** Opening Task inputs block **

(* Let $I\subseteq\mathbb{R}$ be an interval, let $h:J\to\mathbb{R}$ be a positive function on an interval $J\supseteq(0,1)$, let $f\in SX(h,I)$, let $a,b\in I$ with $a<b$, and let $f\in L_{1}[a,b]$. Then for every $\alpha>0$, $$\frac{1}{\alpha h\left(\frac{1}{2}\right)}f\left(\frac{a+b}{2}\right)\leq\frac{\Gamma(\alpha)}{(b-a)^{\alpha}}\left[J_{a^{+}}^{\alpha}f(b)+J_{b^{-}}^{\alpha}f(a)\right]\leq\left[f(a)+f(b)\right]\int_{0}^{1}t^{\alpha-1}\left[h(t)+h(1-t)\right]dt.$$
   Context: Given a positive function $h:J\to\mathbb{R}$, a function $f:I\to\mathbb{R}$ belongs to the class $SX(h,I)$ ($h$-convex functions) if $f$ is nonnegative and $f(\lambda x+(1-\lambda)y)\leq h(\lambda)f(x)+h(1-\lambda)f(y)$ for all $x,y\in I$ and $\lambda\in(0,1)$. For $f\in L_1[a,b]$ and $\alpha>0$, the Riemann–Liouville fractional integrals are $J_{a^{+}}^{\alpha}f(x)=\frac{1}{\Gamma(\alpha)}\int_a^x (x-t)^{\alpha-1}f(t)\,dt$ for $x>a$ and $J_{b^{-}}^{\alpha}f(x)=\frac{1}{\Gamma(\alpha)}\int_x^b (t-x)^{\alpha-1}f(t)\,dt$ for $x<b$, where $\Gamma(\alpha)=\int_0^\infty e^{-u}u^{\alpha-1}\,du$. *)

From HB Require Import structures.
From mathcomp Require Import all_boot all_order all_algebra.
From mathcomp Require Import all_classical all_reals all_analysis.
Set Implicit Arguments. Unset Strict Implicit. Unset Printing Implicit Defensive.
Import Order.TTheory GRing.Theory Num.Theory.
Import numFieldNormedType.Exports.
Local Open Scope classical_set_scope.
Local Open Scope ring_scope.
Lemma zeros_within_span_S r k :
  0 <= r -> zeros_within_span r k -> zeros_within_span r (S k).
Proof.
  intros Hr Hspan D c q m Dc Hp H0 j z Hj Hz Hjz.
  pose proof (east_span_nonneg r k Hr).
  change (east_span r (S k)) with (2 * east_span r k + r).
  set (B := c - 1 + east_span r k + r).
  destruct (Z_le_gt_dec z B) as [Hle|Hgt]; [unfold B in Hle; lia|].
  set (D0 := fun x => c <= x <= z).
  assert (Hp0 : east_path r D0 (S k) q m) by (apply east_path_sub with D; auto).
  destruct (last_occurrence (fun t => all_ones D0 (q t)) j) as [t0 [Ht0 [Hon Hoff]]].
  { intros x Hx; apply H0, Hz, Hx. }
  { intros Hones. rewrite (Hones z) in Hjz; [discriminate|unfold D0; lia]. }
  (* After the last time [c, z] is all ones, a zero stays in [c, B], leaving
     only k zeroes for (B, z], which the first flip cannot reach. *)
  assert (Hzero : forall t, (t0 < t <= j)%nat -> exists v, c <= v <= B /\ q t v = false).
  { intros t Ht. destruct (not_all_ones_zero D0 (q t) (Hoff t Ht)) as [y [Dy Hty]].
    destruct (zero_near_left_end_of_span r k Hr Hspan D0 c q m (fun x Hx => proj1 Hx) Hp0
      (fun x Hx => H0 x (Hz x Hx)) t y ltac:(lia) (proj1 Dy)
      ltac:(intros x Hx; unfold D0 in *; lia) Hty) as [v [Hv [_ Htv]]].
    exists v; split; [unfold B; lia|auto]. }
  assert (Hones : all_ones (fun x => B + 1 <= x <= z) (q (S t0 + 0)%nat)).
  { rewrite Nat.add_0_r. intros x Hx.
    apply (east_move_from_ones r c z (q t0)); [auto|auto|apply Hp0; lia|unfold B in *; lia]. }
  assert (Hp' : east_path r (fun x => B + 1 <= x <= z) k
                  (fun t => q (S t0 + t)%nat) (j - S t0)).
  { apply east_path_drop_zero with D0.
    - intros x Hx; unfold D0; lia.
    - intros t Ht. destruct (Hzero (S t0 + t)%nat ltac:(lia)) as [v [Hv Htv]].
      exists v; unfold D0; split; [|split]; auto; lia.
    - apply (east_path_shift r D0 (S k) q m); [lia|auto]. }
  assert (Hbound := Hspan _ (B + 1) _ _ (fun x Hx => proj1 Hx) Hp' Hones (j - S t0)%nat z).
  cbv beta in Hbound. replace (S t0 + (j - S t0))%nat with j in Hbound by lia.
  enough (z <= B + 1 - 1 + east_span r k) by (unfold B in *; lia).
  apply Hbound; auto; lia.
Qed.

Lemma zero_near_left_end_all r k : 0 <= r -> zero_near_left_end r k.
Proof.
  intros Hr. apply zero_near_left_end_of_span; [auto|].
  induction k as [|k IH]; [apply zeros_within_span_0|apply zeros_within_span_S; auto].
Qed.

Lemma maxl_ge a l : In a l -> a <= maxl l.
Proof.
  induction l as [|b l IH]; simpl; [tauto|].
  intros [<-|Hin]; [lia|]. specialize (IH Hin); lia.
Qed.

Lemma maxl_nonneg l : 0 <= maxl l.
Proof. induction l; simpl; lia. Qed.

Lemma range_r_nonneg U : 0 <= range_r U.
Proof. apply maxl_nonneg. Qed.

Lemma abs_le_range_r U X x : In X U -> In x X -> Z.abs x <= range_r U.
Proof.
  intros HX Hx. unfold range_r.
  eapply Z.le_trans; [|apply maxl_ge, in_map, HX]. cbv beta.
  eapply Z.le_trans; [|apply maxl_ge, in_map; right; exact Hx]. cbv beta.
  eapply Z.le_trans; [|apply maxl_ge, in_map; left; reflexivity]. cbv beta.
  rewrite Z.sub_0_r; lia.
Qed.

Lemma legal_move_east_move U Lam D eta eta' :
  update_family U -> neg1_stable U -> (forall x, D x -> Lam x) ->
  legal_move U Lam eta eta' -> east_move (range_r U) D eta eta'.
Proof.
  intros HU Hs HD [->|[s [Ls [-> [X [HX Hz]]]]]]; [left; auto|].
  assert (Hneg : exists x, In x X /\ x < 0).
  { apply NNPP; intros Hn. apply Hs. exists X; split; [auto|].
    intros x Hx. destruct (Z.eq_dec x 0) as [->|]; [now apply HU in HX|].
    apply Z.nle_gt; intros Hx0. apply Hn; exists x; split; [auto|lia]. }
  destruct Hneg as [x [Hx Hx0]].
  pose proof (abs_le_range_r U X x HX Hx).
  destruct (classic (D s)) as [Ds|nDs].
  - right. exists s. split; [auto|split; [reflexivity|]].
    exists (- x). split; [lia|]. replace (s - - x) with (s + x) by lia.
    intros Dsx. exact (Hz x Hx (HD _ Dsx)).
  - left. intros y Dy. unfold flip.
    replace (Z.eqb y s) with false; auto.
    symmetry; apply Z.eqb_neq; intros ->; contradiction.
Qed.

Lemma V_east_path U n Lam D eta :
  update_family U -> neg1_stable U -> (forall x, D x -> Lam x) -> V U n Lam eta ->
  exists m p, east_path (range_r U) D n p m /\ p 0%nat = ones /\ p m = eta.
Proof.
  intros HU Hs HD [m [p [_ [Hp0 [Hpm [Hleg Hcnt]]]]]].
  exists m, p. split; [split|split; auto]; intros j Hj.
  - apply (legal_move_east_move U Lam); auto.
  - apply (at_most_zeros_sub n Lam); auto.
Qed.

Lemma a_n_east_span U n : a_n U n = east_span (range_r U) n.
Proof. unfold a_n. rewrite east_span_eq. reflexivity. Qed.

Lemma b_n_le_succ U n : b_n U n <= b_n U (S n).
Proof.
  pose proof (range_r_nonneg U) as Hr. unfold b_n. rewrite Nat2Z.inj_succ.
  assert (Hpow : 2 ^ (Z.of_nat n - 1) <= 2 ^ (Z.succ (Z.of_nat n) - 1))
    by (apply Z.pow_le_mono_r; lia).
  assert (0 <= 2 ^ (Z.of_nat n - 1)) by (apply Z.pow_nonneg; lia).
  assert (0 <= range_r U * 2 ^ (Z.of_nat n - 1)) by (apply Z.mul_nonneg_nonneg; lia).
  nia.
Qed.

Theorem lemma3p1 (U : list (list Z)) (n : nat) :
  update_family U -> neg1_stable U -> (1 <= n)%nat -> H U (n - 1) ->
  forall Lam : Z -> Prop, (forall x, P U n x -> Lam x) ->
  forall eta : config, V U n Lam eta ->
  ~ (forall x, Lam x -> eta x = true) ->
  exists x, Lam x /\ ~ P U (n - 1) x /\ eta x = false.
Proof.
  intros HU Hs Hn _ Lam HP eta HV Hne.
  destruct n as [|k]; [lia|]. replace (S k - 1)%nat with k by lia.
  destruct (not_all_ones_zero Lam eta Hne) as [x0 [Lx0 Hx0]].
  destruct (classic (P U k x0)) as [Px0|nPx0]; [|now exists x0].
  destruct (V_east_path U (S k) Lam (P U (S k)) eta HU Hs HP HV) as [m [p [Hp [Hp0 Hpm]]]].
  pose proof (range_r_nonneg U) as Hr. pose proof (b_n_le_succ U k).
  pose proof (east_span_nonneg (range_r U) k Hr).
  pose proof (a_n_east_span U k) as Hak.
  assert (Ha : a_n U (S k) = 2 * a_n U k + range_r U) by now rewrite !a_n_east_span.
  unfold P in Px0.
  destruct (zero_near_left_end_all (range_r U) k Hr (P U (S k)) (- a_n U (S k)) p m
    ltac:(unfold P; lia) Hp ltac:(rewrite Hp0; now intros x _) m x0 (le_n m)
    ltac:(lia) ltac:(unfold P; lia) ltac:(now rewrite Hpm)) as [v [Hv [Hvx0 Hpv]]].
  exists v. rewrite <- Hpm. unfold P. split; [apply HP; unfold P|split]; auto; lia.
Qed.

** Closing Task inputs block **

**Problem details:** Every line above that has the string "Hneg" needs to be copied.

**Solution for this exercise:**
  assert (Hneg : exists x, In x X /\ x < 0).
  destruct Hneg as [x [Hx Hx0]].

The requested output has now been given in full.